We eventually find it safer to anchor the dinghy out rather than be tossed on the beach. 

The Island Trader spent a few days at the jetty attracting many fork lifters and items to deliver the supplies. 

Sunday 25/11

Halcyon is moored according to explicit local instructions. It was heavy work attaching two separate ropes to the eye under the buoy (and wondering how long before they would fatally chauffe). Wondering also if they had seen how user friendly other moorings were in Whitsundays or The Hawkesbury. 

Mooring ropes inspected just in time. Worn through in two days. Chain now attached in an authorative way, the details of which I spared myself. 

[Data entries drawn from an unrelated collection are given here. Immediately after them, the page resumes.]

Definition binrep (n : nat) : seq bool :=
  match N.of_nat n with
  | N0 => [:: false]
  | Npos x => pos_bits x
  end.

Definition beta (n : nat) : seq bool :=
  flatten [seq (if b then [:: true; false] else [:: false; true]) | b <- binrep n].

Definition Code (a1 : nat) (a2 a3 : int) : seq bool :=
  [:: (0 < a2)%R; (0 < a3)%R] ++ beta a1 ++ [:: false; false; false]
  ++ beta `|a2|%N ++ [:: false; false; false] ++ beta `|a3|%N.

From Stdlib Require Import PArith NArith.
From HB Require Import structures.
From mathcomp Require Import all_boot all_order all_algebra.
From mathcomp Require Import all_classical all_reals all_analysis.
From mathcomp Require Import zify lra.
Set Implicit Arguments. Unset Strict Implicit. Unset Printing Implicit Defensive.
Import Order.TTheory GRing.Theory Num.Theory.
Local Open Scope classical_set_scope.
Local Open Scope ring_scope.

(* The advice is three integers and a constant number of separator bits, and the
   code of an integer n has about 2 log2 n bits, so it suffices to bound a1, |a2|
   and |a3| by a constant multiple of x = max(L, 1) / lam.  As lam <= 1,
   a1 = ceil(2 / lam) <= 3 / lam.  The chosen tile lies in the disc of radius lam
   around q and |q - p| <= L, so in each coordinate its corner is within L + lam
   of p; counted in tiles of side 1 / a1 this gives |a_i| <= (L + lam) a1 + 1,
   which is at most 7x. *)

Lemma size_beta n : size (beta n) = (2 * size (binrep n))%N.
Proof.
rewrite /beta; elim: (binrep n) => [|b s IH] //=.
by rewrite size_cat IH; case: b; rewrite mulnS.
Qed.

Then off to the island for a walk. Up to the northern hills from Old Settlement beach via a stepped path to Kim’s lookout and on to Mount Malabar then around to the ridge hovering over Ned’s beach then down a grassy hill back to the jetty. 

Spectacular views from many perches. 

Dear dinghy was floating patiently on its anchor when we returned. 

Monday 26/11/18

Lord Howe island has us captive. High winds are promised for the week until Friday. Day by day the predicted and the reality compare. Windy and windy. 

We meet the local meteorologist Amy and concur. 

We stay aboard and Werner gets the old Singer sewing and other shipshape chores done. David splices some rope and reads. I read and cook.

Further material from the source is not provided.